Exercise description:
Both the line with "exact: enorm_mulmx_le_sum_abs." and the line with "by apply: ler_sum => i" in the records below must appear in the output, along with every line between them, exactly and with nothing added.

Material to process:
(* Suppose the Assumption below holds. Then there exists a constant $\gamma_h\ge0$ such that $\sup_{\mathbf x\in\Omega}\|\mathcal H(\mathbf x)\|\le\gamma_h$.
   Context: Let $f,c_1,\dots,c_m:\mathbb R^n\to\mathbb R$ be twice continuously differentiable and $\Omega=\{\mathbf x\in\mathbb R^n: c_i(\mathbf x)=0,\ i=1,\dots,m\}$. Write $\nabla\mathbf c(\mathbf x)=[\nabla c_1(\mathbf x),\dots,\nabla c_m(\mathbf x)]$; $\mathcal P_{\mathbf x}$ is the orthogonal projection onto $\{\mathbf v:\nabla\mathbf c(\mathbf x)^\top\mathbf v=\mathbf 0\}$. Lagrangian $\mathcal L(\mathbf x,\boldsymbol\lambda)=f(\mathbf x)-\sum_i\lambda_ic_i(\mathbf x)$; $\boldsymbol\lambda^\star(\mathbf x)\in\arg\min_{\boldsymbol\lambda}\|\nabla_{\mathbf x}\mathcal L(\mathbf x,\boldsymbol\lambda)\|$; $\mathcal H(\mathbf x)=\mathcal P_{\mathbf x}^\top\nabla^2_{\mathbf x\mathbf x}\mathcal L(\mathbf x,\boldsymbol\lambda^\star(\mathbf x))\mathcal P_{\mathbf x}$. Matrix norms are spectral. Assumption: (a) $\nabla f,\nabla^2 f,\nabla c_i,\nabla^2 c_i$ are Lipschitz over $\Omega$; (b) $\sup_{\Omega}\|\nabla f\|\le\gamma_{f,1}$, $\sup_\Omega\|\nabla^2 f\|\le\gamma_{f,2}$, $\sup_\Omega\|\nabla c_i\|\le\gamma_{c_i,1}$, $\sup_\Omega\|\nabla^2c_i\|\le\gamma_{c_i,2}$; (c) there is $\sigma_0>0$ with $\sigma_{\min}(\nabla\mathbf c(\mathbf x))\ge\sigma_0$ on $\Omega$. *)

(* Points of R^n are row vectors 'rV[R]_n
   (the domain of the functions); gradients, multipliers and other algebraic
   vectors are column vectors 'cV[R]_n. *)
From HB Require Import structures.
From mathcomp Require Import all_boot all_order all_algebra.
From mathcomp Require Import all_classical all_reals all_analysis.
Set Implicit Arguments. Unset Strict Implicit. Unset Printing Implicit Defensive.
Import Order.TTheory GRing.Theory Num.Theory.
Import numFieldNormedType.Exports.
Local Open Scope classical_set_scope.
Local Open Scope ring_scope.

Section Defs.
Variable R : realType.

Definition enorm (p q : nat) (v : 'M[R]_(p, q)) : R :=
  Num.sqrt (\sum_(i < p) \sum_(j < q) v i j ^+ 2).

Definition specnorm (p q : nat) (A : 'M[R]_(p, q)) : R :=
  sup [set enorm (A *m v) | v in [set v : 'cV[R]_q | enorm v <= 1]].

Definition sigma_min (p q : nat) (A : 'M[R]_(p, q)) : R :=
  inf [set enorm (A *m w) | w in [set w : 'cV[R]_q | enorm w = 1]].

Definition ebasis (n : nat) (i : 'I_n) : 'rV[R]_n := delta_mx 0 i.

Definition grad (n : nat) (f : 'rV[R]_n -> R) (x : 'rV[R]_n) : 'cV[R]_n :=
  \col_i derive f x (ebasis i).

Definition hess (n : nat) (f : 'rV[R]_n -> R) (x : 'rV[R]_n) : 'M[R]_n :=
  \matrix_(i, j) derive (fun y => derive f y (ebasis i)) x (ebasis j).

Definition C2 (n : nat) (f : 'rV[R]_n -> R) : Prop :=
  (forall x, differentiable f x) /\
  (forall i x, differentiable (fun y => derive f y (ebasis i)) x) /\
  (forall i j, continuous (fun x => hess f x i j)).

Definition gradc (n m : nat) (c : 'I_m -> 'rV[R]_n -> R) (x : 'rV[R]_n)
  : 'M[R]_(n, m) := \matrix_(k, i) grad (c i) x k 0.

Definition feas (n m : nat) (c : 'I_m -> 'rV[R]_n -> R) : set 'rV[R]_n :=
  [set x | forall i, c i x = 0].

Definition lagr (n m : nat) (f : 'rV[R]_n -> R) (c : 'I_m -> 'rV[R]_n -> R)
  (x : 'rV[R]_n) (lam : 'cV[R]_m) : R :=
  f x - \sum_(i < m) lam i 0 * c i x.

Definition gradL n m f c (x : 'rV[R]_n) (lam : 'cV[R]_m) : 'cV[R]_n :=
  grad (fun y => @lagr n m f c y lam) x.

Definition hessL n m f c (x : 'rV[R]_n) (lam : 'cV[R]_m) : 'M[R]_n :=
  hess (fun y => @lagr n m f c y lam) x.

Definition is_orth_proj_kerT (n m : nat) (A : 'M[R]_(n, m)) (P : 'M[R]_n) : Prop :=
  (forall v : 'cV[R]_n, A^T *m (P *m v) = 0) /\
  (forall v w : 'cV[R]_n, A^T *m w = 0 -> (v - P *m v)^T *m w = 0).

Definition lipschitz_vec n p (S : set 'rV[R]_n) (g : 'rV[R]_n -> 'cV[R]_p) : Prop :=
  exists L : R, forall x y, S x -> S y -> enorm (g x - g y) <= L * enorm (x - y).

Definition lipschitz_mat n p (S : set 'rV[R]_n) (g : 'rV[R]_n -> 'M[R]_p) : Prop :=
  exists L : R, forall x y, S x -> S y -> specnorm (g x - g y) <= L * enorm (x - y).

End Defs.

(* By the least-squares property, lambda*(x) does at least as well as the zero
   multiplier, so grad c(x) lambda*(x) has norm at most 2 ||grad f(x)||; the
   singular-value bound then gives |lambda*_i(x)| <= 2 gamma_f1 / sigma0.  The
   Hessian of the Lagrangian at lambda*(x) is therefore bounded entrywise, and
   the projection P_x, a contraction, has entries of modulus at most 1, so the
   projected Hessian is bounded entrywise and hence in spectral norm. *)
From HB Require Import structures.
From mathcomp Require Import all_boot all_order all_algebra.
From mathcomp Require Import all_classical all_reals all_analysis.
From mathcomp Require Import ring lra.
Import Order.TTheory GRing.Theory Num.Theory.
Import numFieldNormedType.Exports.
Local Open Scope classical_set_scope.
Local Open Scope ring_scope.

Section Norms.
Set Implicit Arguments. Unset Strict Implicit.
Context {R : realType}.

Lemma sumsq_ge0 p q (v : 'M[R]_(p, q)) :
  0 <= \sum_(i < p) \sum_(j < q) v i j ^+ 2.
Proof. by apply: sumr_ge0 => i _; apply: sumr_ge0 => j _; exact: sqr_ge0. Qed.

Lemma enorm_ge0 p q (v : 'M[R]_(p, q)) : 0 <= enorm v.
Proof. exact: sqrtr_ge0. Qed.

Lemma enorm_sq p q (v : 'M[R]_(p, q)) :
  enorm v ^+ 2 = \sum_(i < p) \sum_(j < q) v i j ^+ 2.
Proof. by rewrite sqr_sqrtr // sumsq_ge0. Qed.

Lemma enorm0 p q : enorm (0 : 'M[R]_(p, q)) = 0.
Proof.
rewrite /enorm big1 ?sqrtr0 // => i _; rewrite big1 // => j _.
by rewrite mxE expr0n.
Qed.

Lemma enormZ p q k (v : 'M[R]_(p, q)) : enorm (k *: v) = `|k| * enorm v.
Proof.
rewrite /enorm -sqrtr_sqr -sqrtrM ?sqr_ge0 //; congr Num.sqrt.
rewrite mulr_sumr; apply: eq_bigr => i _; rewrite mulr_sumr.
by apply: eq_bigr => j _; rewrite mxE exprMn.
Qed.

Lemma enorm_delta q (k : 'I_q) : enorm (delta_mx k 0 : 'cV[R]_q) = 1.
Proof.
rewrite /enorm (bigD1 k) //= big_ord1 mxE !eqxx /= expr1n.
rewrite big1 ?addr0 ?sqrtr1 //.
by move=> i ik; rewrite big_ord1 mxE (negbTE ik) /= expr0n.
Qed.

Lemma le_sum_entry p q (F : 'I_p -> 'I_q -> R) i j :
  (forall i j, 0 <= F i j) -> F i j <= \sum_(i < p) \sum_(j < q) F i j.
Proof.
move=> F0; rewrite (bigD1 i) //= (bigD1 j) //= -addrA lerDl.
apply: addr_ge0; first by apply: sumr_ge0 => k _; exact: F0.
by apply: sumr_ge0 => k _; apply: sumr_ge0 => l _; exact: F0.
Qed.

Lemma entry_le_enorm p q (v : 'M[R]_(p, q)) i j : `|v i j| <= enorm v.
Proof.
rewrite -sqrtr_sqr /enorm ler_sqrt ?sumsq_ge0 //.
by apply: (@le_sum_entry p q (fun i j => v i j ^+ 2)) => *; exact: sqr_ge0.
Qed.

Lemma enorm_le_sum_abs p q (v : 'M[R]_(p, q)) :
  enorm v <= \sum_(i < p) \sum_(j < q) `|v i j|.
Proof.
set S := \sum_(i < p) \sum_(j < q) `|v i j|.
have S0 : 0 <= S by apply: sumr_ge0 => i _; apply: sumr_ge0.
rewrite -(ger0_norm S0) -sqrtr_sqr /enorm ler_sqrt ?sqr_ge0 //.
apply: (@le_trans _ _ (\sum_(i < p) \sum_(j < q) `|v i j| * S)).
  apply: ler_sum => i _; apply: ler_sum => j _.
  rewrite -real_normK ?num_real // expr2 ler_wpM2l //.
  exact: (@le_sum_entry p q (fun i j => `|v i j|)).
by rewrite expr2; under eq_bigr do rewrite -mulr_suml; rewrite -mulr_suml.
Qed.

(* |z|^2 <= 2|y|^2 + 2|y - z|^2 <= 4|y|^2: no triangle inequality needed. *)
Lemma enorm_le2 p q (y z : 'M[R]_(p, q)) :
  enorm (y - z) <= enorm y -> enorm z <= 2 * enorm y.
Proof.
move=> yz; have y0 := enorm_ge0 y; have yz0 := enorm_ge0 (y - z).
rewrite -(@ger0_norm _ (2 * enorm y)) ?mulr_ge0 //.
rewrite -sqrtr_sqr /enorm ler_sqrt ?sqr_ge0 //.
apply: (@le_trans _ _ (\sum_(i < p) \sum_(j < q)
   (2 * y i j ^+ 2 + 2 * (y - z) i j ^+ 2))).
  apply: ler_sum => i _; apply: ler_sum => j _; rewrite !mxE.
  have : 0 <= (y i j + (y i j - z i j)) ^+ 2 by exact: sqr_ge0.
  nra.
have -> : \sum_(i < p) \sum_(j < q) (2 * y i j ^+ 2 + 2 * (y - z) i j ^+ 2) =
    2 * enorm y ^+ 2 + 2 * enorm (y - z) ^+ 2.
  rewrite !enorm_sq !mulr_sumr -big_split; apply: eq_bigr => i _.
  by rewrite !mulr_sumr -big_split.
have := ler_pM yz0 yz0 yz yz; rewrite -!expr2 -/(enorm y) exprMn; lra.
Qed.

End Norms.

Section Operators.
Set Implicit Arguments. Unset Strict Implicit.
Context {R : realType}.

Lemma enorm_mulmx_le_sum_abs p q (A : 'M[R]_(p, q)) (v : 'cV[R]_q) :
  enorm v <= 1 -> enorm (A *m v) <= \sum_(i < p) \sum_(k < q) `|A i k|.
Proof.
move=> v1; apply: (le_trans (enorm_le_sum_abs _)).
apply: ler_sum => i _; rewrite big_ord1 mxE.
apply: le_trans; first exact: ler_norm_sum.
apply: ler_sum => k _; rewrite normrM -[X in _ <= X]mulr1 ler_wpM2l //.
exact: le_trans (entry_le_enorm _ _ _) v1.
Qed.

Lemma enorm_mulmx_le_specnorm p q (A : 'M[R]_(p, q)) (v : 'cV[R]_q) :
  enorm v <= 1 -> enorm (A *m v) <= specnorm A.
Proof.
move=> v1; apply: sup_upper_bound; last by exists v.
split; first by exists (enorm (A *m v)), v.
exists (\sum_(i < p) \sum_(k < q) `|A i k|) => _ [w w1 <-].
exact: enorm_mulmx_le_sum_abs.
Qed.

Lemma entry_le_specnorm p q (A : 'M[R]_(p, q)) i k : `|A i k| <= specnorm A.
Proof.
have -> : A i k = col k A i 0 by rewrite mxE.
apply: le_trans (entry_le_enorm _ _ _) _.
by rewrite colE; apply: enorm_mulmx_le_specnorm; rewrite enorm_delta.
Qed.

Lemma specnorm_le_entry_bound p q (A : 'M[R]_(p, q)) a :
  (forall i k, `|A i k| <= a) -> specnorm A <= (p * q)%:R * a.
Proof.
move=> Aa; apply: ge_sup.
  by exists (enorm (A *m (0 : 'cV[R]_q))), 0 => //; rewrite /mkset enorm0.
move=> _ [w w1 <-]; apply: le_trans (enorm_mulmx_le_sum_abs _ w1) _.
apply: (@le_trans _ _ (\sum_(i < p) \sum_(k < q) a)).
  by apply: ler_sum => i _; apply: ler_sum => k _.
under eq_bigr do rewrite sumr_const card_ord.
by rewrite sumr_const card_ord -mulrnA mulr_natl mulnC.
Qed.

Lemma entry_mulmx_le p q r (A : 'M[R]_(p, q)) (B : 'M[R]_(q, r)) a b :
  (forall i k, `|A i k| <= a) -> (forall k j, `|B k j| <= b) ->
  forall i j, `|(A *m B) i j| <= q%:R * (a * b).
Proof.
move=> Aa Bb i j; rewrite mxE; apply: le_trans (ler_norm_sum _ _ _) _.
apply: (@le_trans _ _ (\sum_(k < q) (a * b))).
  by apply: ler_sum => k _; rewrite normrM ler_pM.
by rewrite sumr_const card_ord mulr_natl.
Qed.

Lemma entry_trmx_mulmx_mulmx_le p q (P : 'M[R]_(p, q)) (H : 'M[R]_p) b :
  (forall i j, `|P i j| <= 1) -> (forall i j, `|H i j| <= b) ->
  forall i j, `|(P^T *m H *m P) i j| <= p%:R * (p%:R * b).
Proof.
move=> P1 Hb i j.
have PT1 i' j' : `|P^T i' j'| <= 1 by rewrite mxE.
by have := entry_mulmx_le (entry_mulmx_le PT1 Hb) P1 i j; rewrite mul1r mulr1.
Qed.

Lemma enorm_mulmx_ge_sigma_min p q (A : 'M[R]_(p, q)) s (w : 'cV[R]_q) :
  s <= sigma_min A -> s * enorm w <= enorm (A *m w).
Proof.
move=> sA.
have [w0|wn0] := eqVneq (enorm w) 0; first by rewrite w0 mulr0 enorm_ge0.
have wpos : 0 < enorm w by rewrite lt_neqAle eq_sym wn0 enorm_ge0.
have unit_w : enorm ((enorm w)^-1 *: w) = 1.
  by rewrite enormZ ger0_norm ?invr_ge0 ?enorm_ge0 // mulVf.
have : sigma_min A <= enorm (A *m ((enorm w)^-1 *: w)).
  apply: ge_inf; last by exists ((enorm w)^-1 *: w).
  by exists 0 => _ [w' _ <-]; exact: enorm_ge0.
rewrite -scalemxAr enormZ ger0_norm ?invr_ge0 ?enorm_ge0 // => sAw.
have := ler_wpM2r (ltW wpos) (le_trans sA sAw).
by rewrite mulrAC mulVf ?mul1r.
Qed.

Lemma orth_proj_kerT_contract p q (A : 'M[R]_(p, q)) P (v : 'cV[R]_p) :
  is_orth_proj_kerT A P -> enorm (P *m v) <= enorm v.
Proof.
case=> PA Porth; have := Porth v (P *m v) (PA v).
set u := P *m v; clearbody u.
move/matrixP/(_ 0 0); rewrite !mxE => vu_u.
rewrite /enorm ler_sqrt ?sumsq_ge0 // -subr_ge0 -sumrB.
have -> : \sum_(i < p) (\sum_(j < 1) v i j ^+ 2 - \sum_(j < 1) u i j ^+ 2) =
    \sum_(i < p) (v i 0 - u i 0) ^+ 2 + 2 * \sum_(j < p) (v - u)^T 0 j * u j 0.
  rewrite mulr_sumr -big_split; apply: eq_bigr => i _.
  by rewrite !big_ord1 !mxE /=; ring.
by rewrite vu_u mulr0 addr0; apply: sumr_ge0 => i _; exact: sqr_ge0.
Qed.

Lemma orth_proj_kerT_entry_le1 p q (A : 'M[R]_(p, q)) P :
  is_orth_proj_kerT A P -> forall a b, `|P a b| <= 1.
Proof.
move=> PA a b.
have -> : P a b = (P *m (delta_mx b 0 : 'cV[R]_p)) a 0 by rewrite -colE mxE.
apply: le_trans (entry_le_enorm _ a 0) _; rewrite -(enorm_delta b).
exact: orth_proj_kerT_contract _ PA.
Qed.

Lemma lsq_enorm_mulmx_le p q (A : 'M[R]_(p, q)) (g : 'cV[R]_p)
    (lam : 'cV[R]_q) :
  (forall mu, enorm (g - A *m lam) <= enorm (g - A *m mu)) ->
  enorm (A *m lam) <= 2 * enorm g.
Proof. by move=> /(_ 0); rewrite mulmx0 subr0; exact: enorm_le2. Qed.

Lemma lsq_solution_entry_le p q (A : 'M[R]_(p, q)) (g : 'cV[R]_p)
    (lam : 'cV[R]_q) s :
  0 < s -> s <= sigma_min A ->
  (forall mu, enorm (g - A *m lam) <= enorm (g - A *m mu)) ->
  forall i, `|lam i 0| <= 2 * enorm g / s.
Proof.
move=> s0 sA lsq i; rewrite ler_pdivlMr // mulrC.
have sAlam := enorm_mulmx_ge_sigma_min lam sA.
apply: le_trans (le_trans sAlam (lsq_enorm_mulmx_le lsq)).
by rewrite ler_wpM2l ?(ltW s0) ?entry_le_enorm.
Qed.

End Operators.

Reply to the exercise:
exact: enorm_mulmx_le_sum_abs.
Qed.

Lemma entry_le_specnorm p q (A : 'M[R]_(p, q)) i k : `|A i k| <= specnorm A.
Proof.
have -> : A i k = col k A i 0 by rewrite mxE.
apply: le_trans (entry_le_enorm _ _ _) _.
by rewrite colE; apply: enorm_mulmx_le_specnorm; rewrite enorm_delta.
Qed.

Lemma specnorm_le_entry_bound p q (A : 'M[R]_(p, q)) a :
  (forall i k, `|A i k| <= a) -> specnorm A <= (p * q)%:R * a.
Proof.
move=> Aa; apply: ge_sup.
  by exists (enorm (A *m (0 : 'cV[R]_q))), 0 => //; rewrite /mkset enorm0.
move=> _ [w w1 <-]; apply: le_trans (enorm_mulmx_le_sum_abs _ w1) _.
apply: (@le_trans _ _ (\sum_(i < p) \sum_(k < q) a)).
  by apply: ler_sum => i _; apply: ler_sum => k _.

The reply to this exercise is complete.